# 'Leave Taleban to Afghans' - Afghan Education Minister



## RackMaster (Mar 26, 2008)

This will be interesting to see how it plays out.  This idea may have worked out well in other provinces but I'm not sure if it could in the south where the Taliban has great support.  I could see this as a potential disaster.  If it was used, it would still require an "Observer" force.  

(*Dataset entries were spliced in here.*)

Let q_le_Q : q <= Q. Proof. by rewrite -{1}(expn1 q) leq_pexp2l; lia. Qed.
Let q_half : q = 2 * ((q - 1) %/ 2) + 1.
Proof. by have := modn2 q; rewrite q_odd; lia. Qed.
Let Q_half : Q = 2 * ((Q - 1) %/ 2) + 1.
Proof. by have := modn2 Q; rewrite oddX q_odd orbT; lia. Qed.
Let Q_succ_half : (Q + 1) %/ 2 = (Q - 1) %/ 2 + 1.
Proof. by rewrite {1}Q_half; lia. Qed.

Lemma unbalanced_of_X i : X1 q t i \/ X2 q t i \/ X3 q t i \/ X4 q t i ->
  ~~ balanced_digits Q (2 * i).
Proof.
rewrite /X1 /X2 /X3 /X4 /balanced_digits Q_succ_half.
move: q_half Q_half; move: ((q - 1) %/ 2) ((Q - 1) %/ 2) => h K q_eq Q_eq.
case=> [[a [b [b_ge1 b_le a_le ->]]] | [[[|a] [b [b_ge1 b_lt a_le ->]]] |
        [[a [b [b_ge1 b_le a_lt [->|->]]]] | [a [a_lt ->]]]]] //.
- have [-> ->] : (2 * (a * Q + b)) %/ Q = 2 * a /\ (2 * (a * Q + b)) %% Q = 2 * b.
    by apply: divn_modn_eq; lia.
  lia.
- have [-> ->] : (2 * (a.+1 * Q - b)) %/ Q = 2 * a + 1 /\
                 (2 * (a.+1 * Q - b)) %% Q = Q - 2 * b.
    by apply: divn_modn_eq; lia.
  lia.
- have [-> ->] : (2 * (a * Q + K + b)) %/ Q = 2 * a + 1 /\
                 (2 * (a * Q + K + b)) %% Q = 2 * b - 1.
    by apply: divn_modn_eq; lia.
  lia.
- have [-> ->] : (2 * (a * Q + (K + 1) - b)) %/ Q = 2 * a /\
                 (2 * (a * Q + (K + 1) - b)) %% Q = Q + 1 - 2 * b.
    by apply: divn_modn_eq; lia.
  lia.
- have [-> ->] : (2 * (a * (Q + 1) + (K + 1))) %/ Q = 2 * a + 1 /\
                 (2 * (a * (Q + 1) + (K + 1))) %% Q = 2 * a + 1.
    by apply: divn_modn_eq; lia.
  lia.
Qed.

Lemma X_of_unbalanced i : (Q + 1) %/ 2 <= i -> ~~ (q %| i) ->
  2 * i + q * q <= q * Q -> ~~ balanced_digits Q (2 * i) ->
  X1 q t i \/ X2 q t i \/ X3 q t i \/ X4 q t i.
Proof.
rewrite /X1 /X2 /X3 /X4 /balanced_digits Q_succ_half => i_ge q_ndvd_i i_le.
have Q_gt0 : 0 < Q by lia.
have b_gt0 : 0 < i %% Q.
  rewrite lt0n; apply: contra q_ndvd_i => Q_dvd.
  exact: dvdn_trans (dvdn_exp t_gt0 (dvdnn q)) Q_dvd.
move: (divn_eq i Q) (ltn_pmod i Q_gt0) b_gt0 q_half Q_half i_le.
move: (i %/ Q) (i %% Q) ((q - 1) %/ 2) ((Q - 1) %/ 2).
move=> a b h K -> b_lt b_gt0 q_eq Q_eq i_le.
have q_le_qq : q <= q * q by rewrite leq_pmull; lia.
have a_le : a <= h.
  rewrite leqNgt; apply/negP => h_lt_a.
  have : h.+1 * Q <= a * Q by rewrite leq_mul2r h_lt_a orbT.
  lia.
have a_lt_of_sum : K + 1 <= a + b -> a < h.
  move=> sum_ge; rewrite ltn_neqAle a_le andbT; apply/eqP => a_eq.
  by rewrite a_eq in i_le sum_ge; lia.
have [b_le | b_gt] := leqP b K.
  have [-> ->] : (2 * (a * Q + b)) %/ Q = 2 * a /\ (2 * (a * Q + b)) %% Q = 2 * b.
    by apply: divn_modn_eq; lia.
  have [b_le_a | a_lt_b] := leqP b a => unbalanced.
    by left; exists a, b.
  have a_lt : a < h by apply: a_lt_of_sum; lia.
  by right; right; left; exists a, (K + 1 - b); split; lia.
have [-> ->] : (2 * (a * Q + b)) %/ Q = 2 * a + 1 /\ (2 * (a * Q + b)) %% Q = 2 * b - Q.
  by apply: divn_modn_eq; lia.
have a_lt : a < h by apply: a_lt_of_sum; lia.
have [B_le | B_gt] := leqP (2 * b - Q) (2 * a + 1) => unbalanced.
  have [c_le | c_gt] := leqP (b - K) a.
    by right; right; left; exists a, (b - K); split; try lia; left; lia.
  by right; right; right; exists a; split; lia.
by right; left; exists a.+1, (Q - b); split; lia.
Qed.

End Classification.

Lemma not_coset_leader_X5 q t i : odd q -> 3 <= t -> X5 q t i ->
  ~ coset_leader q ((q ^ (2 * t) + 1) %/ 2) i.
Proof.
move=> q_odd t_ge3 [lo hi _].
apply: (not_coset_leader_of_small_residue (d:=t.-1 + (t + t)) q_odd).
have q_gt0 : 0 < q by rewrite odd_gt0.
have P_ge : q * q <= q ^ t.-1.
  by rewrite mulnn leq_pexp2l //; lia.
have Q_eq : q ^ t = q * q ^ t.-1 by rewrite -expnS prednK //; lia.
have qQ_odd : (q * q ^ t) %% 2 = 1 by rewrite modn2 oddM oddX q_odd orbT.
have qq_odd : (q * q) %% 2 = 1 by rewrite modn2 oddM q_odd.
rewrite expnS -mulnn in lo hi.
rewrite 2!expnD mulnA.
move: lo hi qQ_odd; rewrite Q_eq; move: (q ^ t.-1) P_ge => P P_ge lo hi qQ_odd.
have small : 2 * i * P < q * P * (q * P) + 1 by nia.
have pos : 0 < 2 * i * P by rewrite !muln_gt0; nia.
have nz : (2 * i * P) %% (q * P * (q * P) + 1) != 0 by rewrite modn_small // -lt0n.
have two_i : q * q * P + 2 <= 2 * i + q * q by lia.
have := leq_mul two_i (leqnn P.+1).
by rewrite modn_sqrS_mulsqr // modn_small //; lia.
Qed.

Lemma bound_of_not_X5 q t i : odd q -> i <= (q ^ t.+1 - 1) %/ 2 -> ~~ (q %| i) ->
  ~ X5 q t i -> 2 * i + q * q <= q * q ^ t.
Proof.
move=> q_odd hi q_ndvd_i not_X5; rewrite leqNgt; apply/negP => gt; apply: not_X5.
have qQ_odd : (q * q ^ t) %% 2 = 1 by rewrite modn2 oddM oddX q_odd orbT.
have qq_odd : (q * q) %% 2 = 1 by rewrite modn2 oddM q_odd.
have i_gt0 : 0 < i by rewrite lt0n; apply: contraNneq q_ndvd_i => ->.
by split=> //; rewrite expnS -mulnn; lia.
Qed.

Lemma prime_power_odd_ge3 q : prime_power q -> odd q -> 3 <= q.
Proof.
case=> p [k [p_prime [k_gt0 ->]]] q_odd.
have p_le : p <= p ^ k by rewrite -{1}(expn1 p) leq_pexp2l // prime_gt0.
have q_neq2 : p ^ k != 2 by apply: contraTneq q_odd => ->.
by have := prime_gt1 p_prime; lia.
Qed.

Section CosetLeaders.

Variables (q t : nat).
Hypotheses (q_ge3 : 3 <= q) (q_odd : odd q) (t_gt0 : 0 < t).
Local Notation Q := (q ^ t).
Local Notation n := ((q ^ (2 * t) + 1) %/ 2).

Let Q_half : Q = 2 * ((Q + 1) %/ 2) - 1.
Proof. by have := modn2 Q; rewrite oddX q_odd orbT; lia. Qed.
Let q_le_Q : q <= Q. Proof. by rewrite -{1}(expn1 q) leq_pexp2l //; lia. Qed.

Lemma coset_leader_small_range i : 2 <= t ->
  (Q + 1) %/ 2 <= i <= Q + 1 -> ~~ (q %| i) -> i != (Q + 1) %/ 2 -> i != Q + 1 ->
  coset_leader q n i /\ #|cyc_coset q n i| = 2 * (2 * t).
Proof.
move=> t_ge2 /andP[lo hi] q_ndvd_i i_neq_half i_neq_Qsucc.
have i_neq_Q : i != Q by apply: contraNneq q_ndvd_i => ->; rewrite dvdn_exp //; lia.
have qq_le : q * q <= Q by rewrite mulnn leq_pexp2l //; lia.
have qQ_ge : 3 * Q <= q * Q by rewrite leq_mul2r q_ge3 orbT.
apply: coset_leader_of_digits => //; first lia.
rewrite /balanced_digits.
have [-> ->] : (2 * i) %/ Q = 1 /\ (2 * i) %% Q = 2 * i - Q.
  by apply: divn_modn_eq; lia.
lia.
Qed.
(* A single Tietze transformation (in its defining direction), applied to a
   well-formed presentation; alphabets are compared extensionally. *)
Inductive tietze : pres -> pres -> Prop :=
| GenPlus (S S2 : pred A) (R : {fset rel}) (x : A) (w : seq A) :
    rels_over S R -> ~~ S x -> word_over S w ->
    (forall a, S2 a = S a || (a == x)) ->
    tietze (Pres S R) (Pres S2 (R `|` [fset ([:: x], w)]))
| GenMinus (S S2 : pred A) (R : {fset rel}) (x : A) (w : seq A) :
    rels_over S R -> ([:: x], w) \in R ->
    (forall a, S2 a = S a && (a != x)) ->
    rels_over S2 (R `\ ([:: x], w)) ->
    tietze (Pres S R) (Pres S2 (R `\ ([:: x], w)))
| RelPlus (S : pred A) (R : {fset rel}) (q r : seq A) :
    rels_over S R -> word_over S q -> word_over S r -> rconv R q r ->
    tietze (Pres S R) (Pres S (R `|` [fset (q, r)]))
| RelMinus (S : pred A) (R : {fset rel}) (q r : seq A) :
    rels_over S R -> (q, r) \in R -> rconv (R `\ (q, r)) q r ->
    tietze (Pres S R) (Pres S (R `\ (q, r))).

Definition tietze_either (P1 P2 : pres) : Prop := tietze P1 P2 \/ tietze P2 P1.

Inductive tietze_seq : pres -> pres -> nat -> Prop :=
| TSnil P : tietze_seq P P 0
| TScons P1 P2 P3 m : tietze_seq P1 P2 m -> tietze_either P2 P3 ->
    tietze_seq P1 P3 m.+1.

Definition defining_family (S : pred A) (Pi : {fset A}) (D : {fset rel}) : Prop :=
  exists wx : A -> seq A, (forall x, x \in Pi -> word_over S (wx x)) /\
    D = [fset ([:: x], wx x) | x in Pi].

Definition derived_edge (Pi : {fset A}) (D : {fset rel}) (x y : A) : Prop :=
  x \in Pi /\ y \in Pi /\ exists w, ([:: x], w) \in D /\ y \in w.

Definition acyclic (V : Type) (E : relation V) : Prop :=
  forall v, ~ clos_trans V E v v.

End Presentations.

From HB Require Import structures.
From mathcomp Require Import all_boot all_order.
From mathcomp Require Import finmap boolp.
From Stdlib Require Import Relations Wf_nat.
Set Implicit Arguments. Unset Strict Implicit. Unset Printing Implicit Defensive.
Local Open Scope fset_scope.

(* Acyclicity of the derived generator graph makes every Sigma-word equal, modulo
   the defining relations D, to a Sigma'-word: replace each generator of Pi by its
   defining word and recurse, which terminates because the graph is acyclic.  Each of
   the n relations of R \ D that is not already over Sigma' is then traded for its
   Sigma'-expansion by one Rel(+) and one Rel(-), and afterwards the k generators of
   Pi are deleted by Gen(-), each time choosing one that occurs in no remaining
   defining word.  The resulting sequence has length exactly 2n + k. *)

Definition rel_over (A : choiceType) (S : pred A) (p : seq A * seq A) :=
  word_over S p.1 && word_over S p.2.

> *   'Leave Taleban to Afghans' call*
> * An influential Afghan minister has called on the West to allow local communities in Afghanistan to take over the fight against the Taleban. *     	     	                 	     	             Education Minister Mohammad Hanif Atmar said the answer lay in what he called the "Afghanisation" of security.
> Mr Atmar, who is a close ally of President Hamid Karzai, said Afghan forces needed more training.
> In the latest violence, officials say the Taleban killed six people in the western province of Herat.
> ...


----------



## AWP (Mar 27, 2008)

I'd believe in this if I weren't hearing some sketchy reports of ANA behavior coming from some SOF guys.


----------



## RackMaster (Mar 27, 2008)

Even back in 2003 I had a hard time trusting my back to those guys.  Not enough checks and balances to prevent infiltration. :2c:


----------



## rangerpsych (Mar 27, 2008)

we booted em off our perimeter pretty quickly when we got there...

And then we stopped taking them on patrols. They would radio ahead to the checkpoints to let them know we were coming. That shit got put to a stop rikky tic


----------